Endorsement: None of the three challengers seeking Folsom City Council seats represents a significant improvement over the incumbents. Jeff Starsky and Ernie Sheldon are the safe bets.

Sacramento County educators Jamee Gardner and Laura Shirley, and taxpayer advocate Jon Coupal offer differing views of Proposition 55, which would extend some of the temporary tax increases in Proposition 30, passed in 2012.

Gardner and Shirley: Prop. 55 will protect schools from painful budget cuts.

Coupal: Prop. 55 is another money grab by special interests.

Their take

San Luis Obispo Tribune: To replace Republican Assemblyman Katcho Achadjian, The Tribune endorses Democrat Dawn Ortiz-Legg over Republican Jordan Cunningham. Speaker Anthony Rendon would all but sew up a two-thirds majority in the lower house with a pick-up in Assembly District 35.

L.A. Times: Talk of a rigged election is dangerous demagoguery, even for Donald Trump.

San Diego Union-Tribune: Republican nominee Donald Trump’s unhinged behavior will go down in American history as among the most wide-ranging assaults on fundamentals of democracy and civility this nation has seen from a leading politician. The closest parallel may be Joe McCarthy.

Idaho Statesman: No state is more reliably Republican than Idaho. But in an extraordinarily detailed endorsement, Idaho’s leading newspaper says: “We live in the real world, with real problems that need real solutions. We need someone with pragmatic approaches that include patience and compassion. We need Hillary Clinton to be the next president.”

R. Albert Mohler Jr., Washington Post: Like all voters, American Christians will enter the voting booth and, we hope, vote as led by their consciences. But leaders are held to a much higher standard, and continued public arguments that offer cover for Donald Trump are now not only implausible but excruciating. Our own Erika D. Smith raised the issue last week.

Vogue: Founded in 1892, the year Grover Cleveland was elected president, the fashion magazine endorses for the first time: Hillary Clinton for president of the United States. (Chic photo, too.)

Syndicates’ take

Kathleen Parker: Trump could still win with disgusted voters.

Ruben Navarrette: We’re all victims now.

Jennifer Rubin: Is Melania Trump devilishly clever – or totally out to lunch?

Dana Milbank: The Donald Trump monster devours the GOP.

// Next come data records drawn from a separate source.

(* (i) The commutator subgroup $H^\infty_+$ of $H^\infty$ is dense in $SO(4)$; (ii) $H^\infty$ is dense in $O(4)$; (iii) $\Sigma$ is dense in the unit sphere $\mathcal S$ of $\mathbb{R}^4$.
   Context: Let $\tau=(1+\sqrt5)/2$, $\tau'=(1-\sqrt5)/2$. Let $\Delta\subset\mathbb{R}^4$ be the set of 120 vectors consisting of: the 8 vectors obtained from $(\pm1,0,0,0)$ by permuting coordinates; the 16 vectors $\frac12(\pm1,\pm1,\pm1,\pm1)$; and the 96 vectors obtained from $\frac12(0,\pm1,\pm\tau',\pm\tau)$ (all sign choices) by even permutations of the coordinates. Let $\Delta'$ be the image of $\Delta$ under the Galois conjugation $\tau\leftrightarrow\tau'$ applied to each coordinate. For a unit vector $a$, $r_a(x)=x-2(x\cdot a)a$. Let $H_4$ (resp. $H_4'$) be the group generated by $r_a$, $a\in\Delta$ (resp. $a\in\Delta'$), and $H^\infty$ the subgroup of $O(4)$ generated by $H_4\cup H_4'$. Let $\Sigma=\{w(a): w\in H^\infty,\ a\in\Delta\cup\Delta'\}$. *)

From Stdlib Require Import Reals Lra List.
Import ListNotations.
Open Scope R_scope.

Record V4 := mkV { c0 : R; c1 : R; c2 : R; c3 : R }.

Definition coord (x : V4) (i : nat) : R :=
  match i with 0%nat => c0 x | 1%nat => c1 x | 2%nat => c2 x | _ => c3 x end.

Definition vadd (x y : V4) : V4 := mkV (c0 x + c0 y) (c1 x + c1 y) (c2 x + c2 y) (c3 x + c3 y).
Definition vscal (k : R) (x : V4) : V4 := mkV (k * c0 x) (k * c1 x) (k * c2 x) (k * c3 x).
Definition vsub (x y : V4) : V4 := vadd x (vscal (-1) y).
Definition dot (x y : V4) : R := c0 x * c0 y + c1 x * c1 y + c2 x * c2 y + c3 x * c3 y.
Definition vnorm (x : V4) : R := sqrt (dot x x).
Lemma glue_colourings (W : {set V}) phi psi :
  proper_colouring e (~: W) phi -> proper_colouring e W psi ->
  (forall w y, w \in W -> y \notin W -> e w y -> psi w != phi y) ->
  proper_colouring e setT (fun x => if x \in W then psi x else phi x).
Proof.
move=> phiP psiP cross x y _ _ xy.
case: (boolP (x \in W)) => xW; case: (boolP (y \in W)) => yW.
- exact: psiP.
- exact: cross.
- by rewrite eq_sym cross // e_sym.
- by apply: phiP; rewrite ?inE.
Qed.

Lemma cubic_nbhdI_le2 (W : {set V}) w y : e w y -> y \notin W -> #|nbhd e w :&: W| <= 2.
Proof.
move=> wy yW; have := cardsID W (nbhd e w); rewrite e_cubic.
have : 0 < #|nbhd e w :\: W| by apply/card_gt0P; exists y; rewrite !inE wy yW.
lia.
Qed.

Lemma cubic_nbhdI_le1 (W : {set V}) w y1 y2 :
  y1 != y2 -> e w y1 -> y1 \notin W -> e w y2 -> y2 \notin W -> #|nbhd e w :&: W| <= 1.
Proof.
move=> y12 wy1 y1W wy2 y2W; have := cardsID W (nbhd e w); rewrite e_cubic.
have : 2 <= #|nbhd e w :\: W|.
  have <- : #|[set y1; y2]| = 2 by rewrite cards2 y12.
  apply/subset_leq_card/subsetP => z.
  by rewrite !inE => /orP [] /eqP ->; rewrite ?wy1 ?y1W ?wy2 ?y2W.
lia.
Qed.

Lemma cubic_nonadjacent_nbrs v : connected_graph e -> 6 <= #|V| ->
  exists a b, [/\ e v a, e v b, a != b & ~~ e a b].
Proof.
move=> conn V6.
case: (boolP [exists a, exists b, [&& e v a, e v b, a != b & ~~ e a b]]).
  by case/existsP => a /existsP [b /and4P [*]]; exists a, b.
move/existsPn => nonad_nbrs; suff : #|V| <= 4 by lia.
have clique a b : e v a -> e v b -> a != b -> e a b.
  by move=> va vb ab; have /existsPn/(_ b) := nonad_nbrs a; rewrite va vb ab negbK.
have nbhd_s s : e v s -> nbhd e s = v |: (nbhd e v :\ s).
  move=> vs; apply/esym/eqP; rewrite eqEcard; apply/andP; split.
    apply/subsetP => z; rewrite !inE => /orP [/eqP ->|/andP [zs vz]]; first by rewrite e_sym.
    by apply: clique; rewrite // eq_sym.
  have := cardsD1 s (nbhd e v); have := e_cubic s.
  by rewrite cardsU1 !inE e_irr andbF vs !e_cubic /=; lia.
have closed : v |: nbhd e v = setT.
  apply: (connected_closed_setT conn (setU11 _ _)) => s y; rewrite !inE.
  case/orP => [/eqP -> ->|vs sy]; first by rewrite orbT.
  have : y \in nbhd e s by rewrite inE.
  by rewrite nbhd_s // !inE => /orP [->|/andP [_ ->]]; rewrite ?orbT.
by rewrite -cardsT -closed cardsU1 e_cubic; case: (_ \notin _).
Qed.

Section ProperSubsetsColourable.

Hypothesis colour_proper :
  forall S : {set V}, #|S| < #|V| -> exists f, proper_colouring e S f.

Lemma colour_cut_adjacent (W : {set V}) x y z w :
  x \notin W -> y \notin W -> e x y -> separates e [set x; y] W ->
  z \notin x |: (y |: W) -> w \in W -> exists f, proper_colouring e setT f.
Proof.
move=> xW yW xy sepW zN wW; set X := x |: (y |: W).
have [phi phiP] : exists phi, proper_colouring e (~: W) phi.
  by apply/colour_proper/(notin_card_lt (x := w)); rewrite inE negbK.
have [psi psiP] := colour_proper (notin_card_lt zN).
have Xx : x \in X by rewrite !inE eqxx.
have Xy : y \in X by rewrite !inE eqxx orbT.
(* psi also colours the adjacent pair x, y, so permuting its colours makes it agree
   with phi there. *)
have [p [px py]] : exists p : {perm 'I_3}, p (psi x) = phi x /\ p (psi y) = phi y.
  by apply: perm_map2; [apply: psiP | apply: phiP; rewrite ?inE].
have WX u : u \in W -> u \in X by rewrite !inE => ->; rewrite !orbT.
exists (fun u => if u \in W then p (psi u) else phi u); apply: glue_colourings => //.
  by move=> u u' uW u'W uu'; rewrite (inj_eq perm_inj); apply: psiP => //; apply: WX.
move=> u t uW tW ut; have /set2P [|] := sepW u t uW tW ut => tE; subst t.
  by rewrite -px (inj_eq perm_inj); apply: psiP => //; apply: WX.
by rewrite -py (inj_eq perm_inj); apply: psiP => //; apply: WX.
Qed.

David Brooks: What we need next.

Mailbag

Of course Donald Trump is calling for a drug test before Wednesday’s debate. The first two debates proved that he’s not using performance-enhancing drugs. – John Cary Sims, Sacramento

And finally,

“In short, Defendant betrayed his oath to the California public for private jets, Mastro’s steaks, and photo opportunities at posh Las Vegas parties with celebrities.” – Assistant U.S. Atty. Mack E. Jenkins, urging that Judge Christina A. Snyder sentence former state Sen. Ron Calderon to five years in prison on Friday.